Overview
The study will be a prospective, randomized controlled trial comparing prostatic urethral lift (PUL) versus transurethral resection of prostate (TURP) in benign prostate hyperplasia (BPH) patients with urinary retention. The primary objective of this study is to compare the catheter-free rates of PUL vs TURP. Secondary objectives include comparison of complications rates, cost effectiveness, patient satisfactory, symptom scores, quality of life measures and urodynamic parameters.
Description
The study will be a prospective, non-inferiority randomized controlled trial with the aim of detecting a non-inferiority margin of 5%.

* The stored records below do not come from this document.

(* Let $F:\mathbb C^n\to\mathbb C^n$ be a square system of polynomials, and let $I\in\mathbb{IC}^n$ be a strong interval approximate zero of $F$, witnessed by a point $\tilde x\in I$ and an invertible matrix $Y\in\mathbb C^{n\times n}$ (so that $K_{\tilde x,Y}(I)\subset I$ and $\sqrt2\,\lVert \mathbf 1_n - Y\cdot\square\mathrm JF(I)\rVert_\infty<1$). Let $x^*\in I$ be the unique zero of $F$ in $I$. Let $x\in I$ be any point, set $x_0:=x$ and $x_i:=x_{i-1}-Y\,F(x_{i-1})$ for $i\ge 1$. Then the sequence $(x_i)_{i\ge0}$ converges (at least linearly) to $x^*$.
   Context: $\mathbb{IR}$ is the set of compact real intervals $[a,b]$, with operations $X\circ Y=\{x\circ y: x\in X,y\in Y\}$ for $\circ\in\{+,-,\cdot,/\}$ ($0\notin Y$ for division). $\mathbb{IC}=\{X+iY: X,Y\in\mathbb{IR}\}$ is the set of rectangular complex intervals, where $X+iY=\{x+iy:x\in X,y\in Y\}$, with operations defined for $I=X+iY$, $J=W+iZ$ by $I\pm J=(X\pm W)+i(Y\pm Z)$, $I\cdot J=(X W-YZ)+i(XZ+YW)$, $I/J=\frac{XW+YZ}{WW+ZZ}+i\frac{YW-XZ}{WW+ZZ}$. Operations on $\mathbb{IC}^n$ are componentwise; for an interval matrix $A=(A_{i,j})\in\mathbb{IC}^{n\times n}$ and $I\in\mathbb{IC}^n$, $A\cdot I:=\sum_{j=1}^n I_j\cdot(A_{1,j},\dots,A_{n,j})^T$. A point $x\in\mathbb C^n$ is identified with the degenerate interval vector $[\mathrm{Re}\,x,\mathrm{Re}\,x]+i[\mathrm{Im}\,x,\mathrm{Im}\,x]$. An interval enclosure of a map $F:\mathbb C^n\to\mathbb C^m$ is a map $\square F:\mathbb{IC}^n\to\mathbb{IC}^m$ with $\{F(x):x\in I\}\subseteq\square F(I)$ for all $I$; $\square F$ and $\square\mathrm JF$ denote fixed interval enclosures of $F$ and of its Jacobian $\mathrm JF:\mathbb C^n\to\mathbb C^{n\times n}$. For $A\in\mathbb{IC}^{n\times n}$, $\lVert A\rVert_\infty:=\max_{B\in A}\max_{v\in\mathbb C^n\setminus\{0\}}\lVert Bv\rVert_\infty/\lVert v\rVert_\infty$ with $\lVert v\rVert_\infty=\max_i|v_i|$. For $I\in\mathbb{IC}^n$, $x\in\mathbb C^n$ and invertible $Y\in\mathbb C^{n\times n}$, the Krawczyk operator is $K_{x,Y}(I):=x-Y\cdot\square F(x)+(\mathbf 1_n-Y\cdot\square\mathrm JF(I))(I-x)$, where $\mathbf 1_n$ is the identity matrix. $I$ is a strong interval approximate zero of $F$ if there exist $x\in I$ and an invertible $Y\in\mathbb C^{n\times n}$ with $K_{x,Y}(I)\subset I$ and $\sqrt2\,\lVert\mathbf 1_n-Y\cdot\square\mathrm JF(I)\rVert_\infty<1$; such an $I$ contains exactly one zero of $F$. *)

From HB Require Import structures.
From mathcomp Require Import all_boot all_order all_algebra.
From mathcomp Require Import classical_sets reals.
From mathcomp Require Import complex.
From mathcomp Require Import mpoly.
Import Order.TTheory GRing.Theory Num.Theory.

Set Implicit Arguments.
Unset Strict Implicit.
Unset Printing Implicit Defensive.

Local Open Scope ring_scope.
Local Open Scope classical_set_scope.

Section IntervalArithmetic.
Variable R : realType.

(** Compact real intervals [a,b], represented by their endpoints.
    The operations are the usual endpoint formulas, which coincide with
    X o Y = {x o y : x in X, y in Y} on (nonempty) intervals. *)
Record IR := mkIR { ilo : R; ihi : R }.

Definition inIR (X : IR) (x : R) : bool := (ilo X <= x) && (x <= ihi X).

After the potential subject has been informed of the study and the potential risks, he will be screened for eligibility within a 4 week period. Assessment of eligibility will include questionnaires, blood tests, urine tests, uroflowmetry, flexible cystoscopy, transrectal ultrasound, and urodynamic study. Suitable subjects will then be randomized in a 1:1 ratio to the prostatic urethral lift (intervention group) and TURP (control group). Patients in the prostatic urethral lift will have the procedure performed under local anesthesia or monitored anesthetic care while TURP patients will be performed under spinal or general anesthesia. The subjects will have regular follow up 1 month, 3 months, 6 months, 1 year, 2 years, 3 years, 4 years, and 5 years post-operatively. Follow up assessments will include questionnaires, uroflowmetry, and occasional urodynamic study.
Eligibility
Inclusion Criteria:
- Male patients
- age >40 years old
- urinary retention who failed trial without catheter
Exclusion Criteria:
- Inability to provide consent OR no guardians or relatives to help provide consent on patient's behalf
- Active urinary tract infection
- Previous surgical treatment for benign prostatic hyperplasia (i.e., TURP, prostatic urethral lift, etc.)
- Bladder stones
- Urethral strictures or bladder neck contractures
- Prostate size >100mL
- Solely obstructing median lobe
- Urinary retention not due to obstruction (i.e., Bladder outflow obstruction index <20 on urodynamic studies)
- Poor detrusor contractility (maximum detrusor pressure <20cmH2O during voiding phase)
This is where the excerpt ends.